**Exercise objective**.
Look through the data below and extract, unchanged, the lines from the one that contains "(forall C, N C <-> cut_lt C1 C /\ cut_le" to the one that contains "forall C, U", both included.

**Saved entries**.
• • •
Lemma initial_top : initial (fun _ => True). Proof. by []. Qed.
Lemma initial_bot : initial (fun _ => False). Proof. by []. Qed.
Definition cut_top : cut := Cut initial_top.
Definition cut_bot : cut := Cut initial_bot.

Definition plusD (A : K -> Prop) : K -> Prop := fun x => exists2 a, A a & x <= a.
Lemma plusD_initial A : initial (plusD A).
Proof. by move=> x y yx [a Aa xa]; exists a => //; exact: le_trans yx xa. Qed.
Definition cut_plus (A : K -> Prop) : cut := Cut (@plusD_initial A).

(* A^- : E = smallest final segment containing A, D = K \ E *)
Definition minusD (A : K -> Prop) : K -> Prop :=
  fun x => ~ exists2 a, A a & a <= x.
Lemma minusD_initial A : initial (minusD A).
Proof. by move=> x y yx H [a Aa ay]; apply: H; exists a => //; exact: le_trans ay yx. Qed.
Definition cut_minus (A : K -> Prop) : cut := Cut (@minusD_initial A).

(* Final segments S of the value group vK (possibly empty), represented by
   the set of nonzero elements whose value lies in S. *)
Definition value_final_segment (S : K -> Prop) : Prop :=
  (forall x, S x -> x != 0) /\
  (forall x y, S x -> y != 0 -> vle x y -> S y).

(* B_S(a,K) = { b | v(a-b) \in S \cup {oo} } *)
Definition ball_of (a : K) (S : K -> Prop) : K -> Prop :=
  fun b => a - b = 0 \/ S (a - b).

Definition is_ball (B : K -> Prop) : Prop :=
  exists a S, value_final_segment S /\ forall b, B b <-> ball_of a S b.

Definition cut_equiv (C1 C2 : cut) : Prop :=
  C1 = C2 \/
  exists B, is_ball B /\
    ((C1 = cut_minus B /\ C2 = cut_plus B) \/ (C1 = cut_plus B /\ C2 = cut_minus B)).

Definition full (U : cut -> Prop) : Prop :=
  forall C1 C2, cut_equiv C1 C2 -> U C1 -> U C2.

Definition interval_basic (N : cut -> Prop) : Prop :=
  exists C1 C2,
    (forall C, N C <-> cut_lt C1 C /\ cut_lt C C2) \/
    (forall C, N C <-> cut_lt C1 C /\ cut_le C cut_top) \/
    (forall C, N C <-> cut_le cut_bot C /\ cut_lt C C2).

Definition interval_open (U : cut -> Prop) : Prop :=
  forall C, U C -> exists N, interval_basic N /\ N C /\ (forall C', N C' -> U C').

Definition full_open (U : cut -> Prop) : Prop := full U /\ interval_open U.

End Defs.

Arguments cut K : clear implicits.

Definition full_continuous (R F : realFieldType) (g : cut R -> cut F) : Prop :=
  forall U : cut F -> Prop, full_open U -> full_open (fun C => U (g C)).

(* the restriction (D' \cap R, E' \cap R) of iota C to R (via the embedding f)
   equals C *)
Definition compatible_restriction (R F : realFieldType) (f : R -> F)
  (iota : cut R -> cut F) : Prop :=
  forall (C : cut R) (x : R), cutD (iota C) (f x) <-> cutD C x.

(* vR is a convex subset of vF (vR = image of R^x under the canonical
   valuation of F, which restricts to the canonical valuation of R). *)
Definition value_group_convex (R F : realFieldType) (f : R -> F) : Prop :=
  forall x : F, x != 0 -> forall r1 r2 : R, r1 != 0 -> r2 != 0 ->
    vle (f r1) x -> vle x (f r2) ->
    exists r : R, r != 0 /\ vle x (f r) /\ vle (f r) x.

From HB Require Import structures.
From mathcomp Require Import all_boot all_order all_algebra.
From mathcomp Require Import ring lra.
From Stdlib Require Import Classical.
Import Order.TTheory GRing.Theory Num.Theory.
Set Implicit Arguments. Unset Strict Implicit. Unset Printing Implicit Defensive.
Local Open Scope ring_scope.

(* Choose x in F whose value lies between two values of R without being one,
   and let B = {r | v(f r) >= v(x)}, a convex subgroup and hence a ball of R,
   so that B^+ and B^- are equivalent cuts.  Look at whether |x| lies in the
   lower part of iota(B^+).  If not, iota(B^+) separates two points of
   {y | v(y) >= v(x)}; this property is full and open, so by continuity it
   holds for iota(B^-) and then for iota((-oo, t]) with t just below B, which
   drags t/2 into B.  If so, iota(B^+) separates the endpoints of an interval
   missing the convex hull of f(B); by continuity so does iota((-oo, b]) for
   some b in B, although that cut separates f b from f (b + |r2|), both in
   the hull. *)

Section ConvexSubgroups.
Variable K : realFieldType.
Implicit Types (G : K -> Prop) (p q w x y z : K).

Definition convex_subgroup G :=
  [/\ G 0, forall z w, G z -> `|w| <= `|z| -> G w
         & forall z w, G z -> G w -> G (z + w)].

Lemma convex_subgroupN G z : convex_subgroup G -> G z -> G (- z).
Proof. by case=> _ Gnorm _ Gz; apply: Gnorm Gz _; rewrite normrN. Qed.

Lemma convex_subgroupB G z w : convex_subgroup G -> G z -> G w -> G (z - w).
Proof.
by move=> GG Gz Gw; have [_ _ GD] := GG; apply: GD => //; apply: convex_subgroupN.
Qed.

Lemma convex_subgroupMn G z n : convex_subgroup G -> G z -> G (z *+ n).
Proof.
by case=> G0 _ GD Gz; elim: n => [|n IHn]; rewrite ?mulr0n ?mulrS //; apply: GD.
Qed.

Lemma convex_subgroup_between G p w q :
  convex_subgroup G -> G p -> G q -> p <= w <= q -> G w.
Proof.
case=> _ Gnorm _ Gp Gq /andP[pw wq]; have [w_ge0|w_lt0] := lerP 0 w.
- by apply: Gnorm Gq _; rewrite (ger0_norm w_ge0) (le_trans wq) ?ler_norm.
- apply: Gnorm Gp _; rewrite (ltr0_norm w_lt0) -normrN.
  by rewrite (le_trans _ (ler_norm _)) ?lerN2.
Qed.

Lemma convex_subgroup_norm_lt G w y :
  convex_subgroup G -> ~ G w -> G y -> `|y| *+ 2 < `|w|.
Proof.
move=> GG nGw Gy; rewrite ltNge; apply/negP => le_w; apply: nGw.
by have [_ Gnorm _] := GG; apply: Gnorm (convex_subgroupMn 2 GG Gy) _; rewrite normrMn.
Qed.

Lemma convex_subgroup_far G w z :
  convex_subgroup G -> ~ G w -> `|z - w| *+ 2 <= `|w| -> ~ G z.
Proof.
move=> GG nGw near Gz; have := convex_subgroup_norm_lt GG nGw Gz.
have := lerB_dist w z; rewrite distrC in near; lra.
Qed.

Lemma convex_subgroup_ball G : convex_subgroup G -> is_ball G.
Proof.
move=> GG; have [G0 Gnorm _] := GG.
exists 0, (fun r => r != 0 /\ G r); split.
- split=> [r [] //|r s [_ Gr] s_neq0 [n le_s]]; split=> //.
  by apply: Gnorm (convex_subgroupMn n GG Gr) _; rewrite normrMn -mulr_natl.
- move=> b; rewrite /ball_of sub0r; split=> [Gb|].
  + have [->|b_neq0] := eqVneq b 0; first by left; rewrite oppr0.
    by right; rewrite oppr_eq0; split=> //; apply: convex_subgroupN.
  + case=> [/eqP|[_ /(convex_subgroupN GG)]]; last by rewrite opprK.
    by rewrite oppr_eq0 => /eqP ->.
Qed.

Lemma vle_convex_subgroup x : convex_subgroup (vle x).
Proof.
split=> [|z w [n le_z] le_w|z w [n le_z] [m le_w]].
- by exists 0%N; rewrite normr0 mul0r.
- by exists n; apply: le_trans le_w le_z.
- by exists (n + m)%N; rewrite natrD mulrDl (le_trans (ler_normD _ _)) ?lerD.
Qed.

End ConvexSubgroups.

Section Cuts.
Variable K : realFieldType.
Implicit Types (A G : K -> Prop) (C : cut K) (a b p q s t w z : K).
• • •
**Your solution**.
    (forall C, N C <-> cut_lt C1 C /\ cut_le C cut_top) \/
    (forall C, N C <-> cut_le cut_bot C /\ cut_lt C C2).

Definition interval_open (U : cut -> Prop) : Prop :=
  forall C, U C -> exists N, interval_basic N /\ N C /\ (forall C', N C' -> U C').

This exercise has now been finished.